9. The method according to claim 8, wherein in the course of increasing the test-offset, a time-shift is increased by a predefined positive or negative shift, or a phase-shift is increased by a positive or negative shift until it exceeds the value of 2π, wherein the phase-shift is increased in an inner loop and the time-shift is increased in an outer loop.

10. A system for controlling a magnetic resonance imaging system, comprising: a selector designed to select a plurality of spatially non-selective initial RF-pulses each having a predefined pulse shape and a predefined frequency; a determiner designed to determine a combined RF-pulse from the initial RF-pulses by choosing a time-offset comprising a relative application time-shift and a phase-shift between the initial RF-pulses, wherein this time-offset is chosen such that the initial RF-pulses overlap; and a sequence controller designed to include the combined RF pulse in a pulse sequence applied by a radio-frequency transmitter in a magnetic resonance imaging system.

11. A controller for controlling a magnetic resonance imaging system comprising a system according to claim 10.

12. A magnetic resonance imaging system comprising a controller designed to control a magnetic resonance imaging system comprising a system according to claim 10.

13. A non-transitory computer-readable medium on which is stored program elements that are readable and executed by a computer in order to perform steps of the method according to claim 1 when the program elements are executed by the computer.

Description

BRIEF DESCRIPTION OF THE DRAWINGS

[0070] FIG. 1 shows a simplified MRI system according to an aspect of the disclosure.

[0071] FIG. 2 shows a block diagram of the process flow of a preferred method according to the disclosure.

[0072] FIG. 3 shows a process flow of the determination of the combined RF-pulse.

[0073] FIG. 4 shows two fluid-attenuated, T2-weighted Turbo spin echo images according to the state of the art.

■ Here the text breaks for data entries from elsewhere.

(* Soundness: interpret the language over any domain with truth values in the finite Goedel
   chain {0, ..., T}, letting eps x A denote a point where A takes its largest value and
   tau x A one where it takes its smallest; both exist because the chain is finite. Then every
   critical formula and every instance of an LC-theorem takes the value T, and modus ponens
   preserves T.

   Completeness for eps-tau-free D: if LC does not prove D, extend the empty theory, one
   instance of linearity at a time, to a theory G that still does not derive D but proves
   x -> y or y -> x for all x, y in the list of bot, top and the atoms of D, and also for all
   x and x -> y with x, y in that list. Valuing each formula by the number of list elements
   strictly below it in G-provable implication gives a Goedel valuation of the atoms under
   which every subformula of D takes the value of a G-equivalent list element, so D gets a
   value below T.

   Both valuations are read in the term model, where eps-tau-free terms denote themselves. *)

From Stdlib Require Import List Arith Lia Wf_nat Classical ClassicalEpsilon FunctionalExtensionality.
Import ListNotations.
Set Implicit Arguments.

Section TermFormulaInd.
Variables (F P : Type) (Pt : term F P -> Prop) (Pf : formula F P -> Prop).
Hypotheses
  (HVar : forall n, Pt (Var n))
  (HApp : forall f ts, Forall Pt ts -> Pt (App f ts))
  (HEps : forall A, Pf A -> Pt (Eps A))
  (HTau : forall A, Pf A -> Pt (Tau A))
  (HAtom : forall p ts, Forall Pt ts -> Pf (Atom p ts))
  (HBot : Pf FBot)
  (HAnd : forall B C, Pf B -> Pf C -> Pf (FAnd B C))
  (HOr : forall B C, Pf B -> Pf C -> Pf (FOr B C))
  (HImp : forall B C, Pf B -> Pf C -> Pf (FImp B C)).

Fixpoint term_ind' (t : term F P) : Pt t :=
  let fix terms_ind (ts : list (term F P)) : Forall Pt ts :=
    match ts with
    | [] => Forall_nil _
    | t :: ts => Forall_cons _ (term_ind' t) (terms_ind ts)
    end in
  match t with
  | Var n => HVar n
  | App f ts => HApp f (terms_ind ts)
  | Eps A => HEps (formula_ind' A)
  | Tau A => HTau (formula_ind' A)
  end
with formula_ind' (A : formula F P) : Pf A :=
  let fix terms_ind (ts : list (term F P)) : Forall Pt ts :=
    match ts with
    | [] => Forall_nil _
    | t :: ts => Forall_cons _ (term_ind' t) (terms_ind ts)
    end in
  match A with
  | Atom p ts => HAtom p (terms_ind ts)
  | FBot => HBot
  | FAnd B C => HAnd (formula_ind' B) (formula_ind' C)
  | FOr B C => HOr (formula_ind' B) (formula_ind' C)
  | FImp B C => HImp (formula_ind' B) (formula_ind' C)
  end.
Lemma fold_up_bristle_high t c s : 0 <= s <= 1 -> 1 < s * (1 + t) ->
  fold_up t (bristle c s) = bristle 0 (2 - s * (1 + t)).
Proof.
  intros Hs Hu. unfold fold_up, bristle; simpl. rewrite pos_part_nonneg by lra.
  rewrite Rabs_left by lra. f_equal; unfold Rdiv; ring.
Qed.

Lemma fold_up_opp_bristle t c s : 0 <= s ->
  fold_up t (opp_pt (bristle c s)) = opp_pt (bristle c s).
Proof.
  intros Hs. unfold fold_up, bristle, opp_pt; simpl. rewrite pos_part_nonpos by lra.
  rewrite Rabs_right by lra. f_equal; field.
Qed.

Lemma fold_up_on_broom t z : 0 <= t <= 1 -> double_broom z ->
  double_broom (fold_up t z) /\ Rabs (fst (fold_up t z)) <= Rabs (fst z).
Proof.
  intros Ht Hz. apply double_broom_iff in Hz as [c [s [Hc [Hs [-> | ->]]]]];
    pose proof (bristle_foot_bounds c Hc).
  - destruct (Rle_lt_dec (s * (1 + t)) 1) as [Hu | Hu].
    + rewrite fold_up_bristle_low by lra. split; [apply double_broom_bristle; auto; split; nra |].
      assert (0 <= s * t * c) by (repeat apply Rmult_le_pos; lra).
      unfold bristle; simpl. rewrite !Rabs_right by nra. lra.
    + rewrite fold_up_bristle_high by lra.
      split; [apply double_broom_bristle; [left | split]; auto; nra |].
      unfold bristle; simpl. rewrite Rmult_0_r, Rabs_R0. apply Rabs_pos.
  - rewrite fold_up_opp_bristle by lra.
    split; [apply double_broom_opp, double_broom_bristle |]; auto; lra.
Qed.

Lemma fold_up_id z : double_broom z -> fold_up 0 z = z.
Proof.
  intros Hz. apply double_broom_iff in Hz as [c [s [Hc [Hs [-> | ->]]]]].
  - rewrite fold_up_bristle_low by lra. f_equal. ring.
  - apply fold_up_opp_bristle. lra.
Qed.

Lemma fold_up_homotopy : homotopy_from_id double_broom fold_up.
Proof.
  apply homotopy_of_cont_within.
  - intros t z Ht Hz. apply fold_up_on_broom; auto.
  - exact fold_up_id.
  - intros t [x y] Ht Hz. split.
    + destruct (Req_dec y 1) as [-> | Hy1].
      * assert (Hx : x = 0).
        { apply double_broom_iff in Hz as [c [s [_ [Hs [E | E]]]]];
            unfold bristle, opp_pt in E; simpl in E; injection E as Ex Ey.
          - rewrite Ex, <- Ey. ring.
          - lra. }
        subst x. intros eps Heps. exists eps. split; [exact Heps |].
        intros t' z' Ht' Hz' _ Hzz. cbv beta.
        replace (fst (fold_up t (0, 1))) with 0 by (unfold fold_up, Rdiv; simpl; ring).
        pose proof (Rabs_fst_le_dist2 z' (0, 1)) as Hx'.
        change (fst (0, 1)) with 0 in Hx'. rewrite Rminus_0_r in *.
        pose proof (proj2 (fold_up_on_broom t' z' Ht' Hz')). lra.
      * apply cont_within_of_continuous. unfold fold_up, pos_part, Rdiv; simpl.
        continuity_tac; try lra.
        intro E. simpl in E. apply Hy1. destruct (Rle_lt_dec 0 y).
        -- rewrite Rabs_right in E; lra.
        -- rewrite Rabs_left in E; lra.
    + apply cont_within_of_continuous. unfold fold_up, pos_part, Rdiv; simpl.
      continuity_tac.
Qed.

Lemma fold_up_moves y : 0 < y <= 1 -> exists t, 0 <= t <= 1 /\ fold_up t (0, y) <> (0, y).
Proof.
  intros Hy. replace (0, y) with (bristle 0 y) by (unfold bristle; f_equal; ring).
  destruct (Req_dec y 1) as [-> | Hy1].
  - exists 1. split; [lra |]. rewrite fold_up_bristle_high by lra.
    intro E. apply (f_equal snd) in E. simpl in E. lra.
  - exists (1 - y). split; [lra |]. rewrite fold_up_bristle_low by nra.
    intro E. apply (f_equal snd) in E. simpl in E. nra.
Qed.

Lemma moved_unless_v z : double_broom z -> z <> v_pt ->
  exists h t, homotopy_from_id double_broom h /\ 0 <= t <= 1 /\ h t z <> z.
Proof.
  intros Hz Hzv. destruct z as [x y].
  destruct (Req_dec x 0) as [-> | Hx].
  2: { exists contract, 1. split; [exact contract_homotopy |].
       split; [lra | apply contract_moves; auto]. }
  assert (Hy : -1 <= y <= 1).
  { apply double_broom_iff in Hz as [c [s [_ [Hs [E | E]]]]];
      unfold bristle, opp_pt in E; simpl in E; injection E as _ ->; lra. }
  destruct (Rtotal_order y 0) as [Hneg | [-> | Hpos]].
  - destruct (fold_up_moves (- y)) as [t [Ht Hmoved]]; [lra |].
    exists (fun t z => opp_pt (fold_up t (opp_pt z))), t.
    split; [apply homotopy_conj_opp; [exact double_broom_opp | exact fold_up_homotopy] |].
    split; [exact Ht |].
    replace (opp_pt (0, y)) with (0, - y) by (unfold opp_pt; simpl; f_equal; ring).
    intro E. apply Hmoved. rewrite <- (opp_pt_involutive (fold_up t (0, - y))), E.
    unfold opp_pt; simpl. f_equal; ring.
  - contradiction.
  - destruct (fold_up_moves y) as [t [Ht Hmoved]]; [lra |].
    exists fold_up, t. auto using fold_up_homotopy.
Qed.
(* In a subhypergraph [H'] of [H + e] on more than [k + 1] vertices, any
   [|V(H')| - k] vertices are too few to contain an edge, so the other [k]
   vertices form a vertex cut of [H']. *)
Lemma maximal_complete : #|W| - k < r -> E = [set e : {set V} | e \subset W & #|e| == r].
Proof.
move=> small; apply/setP => e; rewrite inE.
apply/idP/andP => [/unifE [-> ->] // | [eW /eqP er]].
apply: contraT => eE; have [H subH [eH lt_k]] := maximal_add_edge er eW eE.
have [_ sHW sHE] := subH; have le_HW : #|hverts H| <= #|W| := subset_leq_card sHW.
case: (leqP #|hverts H| k.+1) => [smallH | bigH].
  by have := kappa_le_card H; lia.
have [Z sZH cardZ] := exists_subset_card (leq_subr k #|hverts H|).
have edge_free f : f \in hedges H -> ~~ (f \subset Z).
  move=> /(subsetP sHE); rewrite !inE => /orP [/eqP -> | /unifE [fr _]];
    apply/negP => /subset_leq_card; lia.
have := kappa_le_edge_free sZH _ edge_free; lia.
Qed.

Lemma exists_separation : 0 < k -> r <= #|W| - k ->
  exists X P Q, #|X| = k /\ separation W E X P Q.
Proof.
move=> k_gt0 big; have EW f : f \in E -> f \subset W by case/unifE.
have [X0 [sX0W disc] le_X0] : exists2 X0, vertex_cut (W, E) X0 & #|X0| <= k.
  apply: exists_small_cut; last by rewrite /hverts /=; lia.
  by apply/kappa_le_k/subhg_refl/uniform_on_hgraph.
have [P0 [Q0 sep0]] := separation_of_cut EW sX0W disc.
have [u uP0] := set0Pn _ (sep_P0 sep0); have [v vQ0] := set0Pn _ (sep_Q0 sep0).
have uvW : [set u; v] \subset W.
  by rewrite -(sep_cover sep0) subUset !sub1set !inE uP0 vQ0 !orbT.
have [D sD cardD] : exists2 D : {set V}, D \subset W :\: (X0 :|: [set u; v]) & #|D| = k - #|X0|.
  apply: exists_subset_card; rewrite cardsDS; last by rewrite subUset sX0W.
  have : #|[set u; v]| <= 2 by rewrite cards2; case: (u != v).
  have := leq_card_setU X0 [set u; v]; case=> le_U _; lia.
have notD x : x \in [set u; v] -> x \notin D.
  by move=> xuv; apply/negP => /(subsetP sD); rewrite inE in_setU xuv orbT.
exists (X0 :|: D), (P0 :\: (X0 :|: D)), (Q0 :\: (X0 :|: D)); split.
  rewrite cardsU_disjoint; first lia.
  by move: sD; rewrite subsetD disjoint_sym => /andP [_]; apply: disjointWl; apply: subsetUl.
apply: (separation_grow sep0 (subsetUl _ _)).
- by rewrite subUset sX0W (subset_trans sD (subsetDl _ _)).
- apply/set0Pn; exists u; rewrite !inE uP0 (disjointFl (sep_XP sep0) uP0).
  by rewrite (negbTE (notD u _)) ?inE ?eqxx.
- apply/set0Pn; exists v; rewrite !inE vQ0 (disjointFl (sep_XQ sep0) vQ0).
  by rewrite (negbTE (notD v _)) ?inE ?eqxx ?orbT.
Qed.

Section Separated.
Variables (X P Q : {set V}).
Hypotheses (cardX : #|X| = k) (sep : separation W E X P Q).

Lemma separation_side_maximal :
  uniform_on (X :|: P) (induced E (X :|: P)) /\
  vertex_k_maximal r k (X :|: P, induced E (X :|: P)).
Proof.
set U := X :|: P; set EU := induced E U.
have sUW : U \subset W by rewrite -(sep_cover sep) subsetUl.
have unifU : uniform_on U EU by move=> f; rewrite inE => /andP [/unifE [-> _] ->].
have subU : subhg (U, EU) (W, E).
  split; [exact: uniform_on_hgraph | exact: sUW |].
  by apply/subsetP => f; rewrite inE => /andP [].
split=> //; split.
  by apply/bigmax_leqP => H /asboolP subH; apply: kappa_le_k (subhg_trans subH subU).
move=> e er eU eEU.
have eE : e \notin E by apply: contra eEU => eE; rewrite /hedges /= inE eE eU.
have [H subH [eH lt_k]] := maximal_add_edge er (subset_trans eU sUW) eE.
have [Hg sHW sHE] := subH; have eVH := (Hg e eH).2.
have sHU : hverts H \subset U.
  apply/subsetP => v vH; apply: contraT => vU.
  have [u ue uX] := subsetPn (rset_not_subset cardX er).
  have uP : u \in P by move: (subsetP eU u ue); rewrite inE (negbTE uX).
  have vQ : v \in Q.
    exact: separation_mem (separation_sym sep) (subsetP sHW v vH) vU.
  have e_sep : [disjoint e & X] -> e \subset P \/ e \subset Q.
    move=> deX; left; apply/subsetP => x xe.
    by move: (subsetP eU x xe); rewrite inE (disjointFr deX xe).
  have := kappa_le_separation sep subH e_sep (subsetP eVH u ue) uP vH vQ.
  by rewrite cardX leqNgt lt_k.
apply: leq_trans lt_k (kappa_le_bar _); split=> //.
apply/subsetP => f fH; move: (subsetP sHE f fH); rewrite !inE => /orP [-> // | fE].
by rewrite fE (subset_trans (Hg f fH).2 sHU) orbT.
Qed.

Lemma crossing_edge e :
  e \subset W -> #|e| = r -> ~~ [disjoint e & X] ->
  ~~ (e \subset X :|: P) -> ~~ (e \subset X :|: Q) -> e \in E.
Proof.
move=> eW er meetX eXP eXQ; apply: contraT => eE.
have [H subH [eH lt_k]] := maximal_add_edge er eW eE.
have [Hg _ _] := subH; have eVH := (Hg e eH).2.
have [u ue uXQ] := subsetPn eXQ; have [v ve vXP] := subsetPn eXP.
have uP := separation_mem sep (subsetP eW u ue) uXQ.
have vQ := separation_mem (separation_sym sep) (subsetP eW v ve) vXP.
have e_sep : [disjoint e & X] -> e \subset P \/ e \subset Q.
  by move=> deX; move: meetX; rewrite deX.
have := kappa_le_separation sep subH e_sep (subsetP eVH u ue) uP (subsetP eVH v ve) vQ.
by rewrite cardX leqNgt lt_k.
Qed.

[0074] FIG. 5 shows the feasibility of MT-preparations to improve white matter/grey matter contrast in brain MRI according to the state of the art.

[0075] FIG. 6 shows an example for a Gaussian RF-pulse according to the state of the art.

[0076] FIG. 7 shows an example for Gaussian RF-pulse according to the state of the art.

[0077] FIG. 8 shows an example for two adjacent Gaussian RF-pulses according to the state of the art.

[0078] FIG. 9 shows an example for a Dual-band Gaussian RF-pulse according to the state of the art.

[0079] FIG. 10 shows an example for a rectangular RF-pulse according to the state of the art.

[0080] FIG. 11 shows an example for a double Sinc RF-pulse according to the state of the art.

[0081] FIG. 12 shows an example for a Dual-band Sinc RF-pulse according to the state of the art.

[0082] FIG. 13 shows an example for multiple Gaussian RF-pulses according to the state of the art.

[0083] FIG. 14 shows an example for multiple Gaussian RF-pulses according to the state of the art.

[0084] FIG. 15 shows an example for Gaussian RF-pulses according to a preferred aspect of the disclosure.

[0085] FIG. 16 shows an example for Gaussian RF-pulses according to a preferred aspect of the disclosure.

[0086] FIG. 17 shows an example for optimized Sinc RF-pulses according to a preferred aspect of the disclosure.

[0087] FIG. 18 shows an example for multiple Gaussian RF-pulses according to a preferred aspect of the disclosure.

[0088] In the diagrams, like numbers refer to like objects throughout. Objects in the diagrams are not necessarily drawn to scale.

DETAILED DESCRIPTION

[0089] FIG. 1 shows a schematic representation of a magnetic resonance imaging system 1 (“MRI-system”). The MRI system 1 includes the actual magnetic resonance scanner (data acquisition unit) 2 with an examination space 3 or patient tunnel in which a patient or test person is positioned on a driven bed 8, in whose body the actual examination object is located.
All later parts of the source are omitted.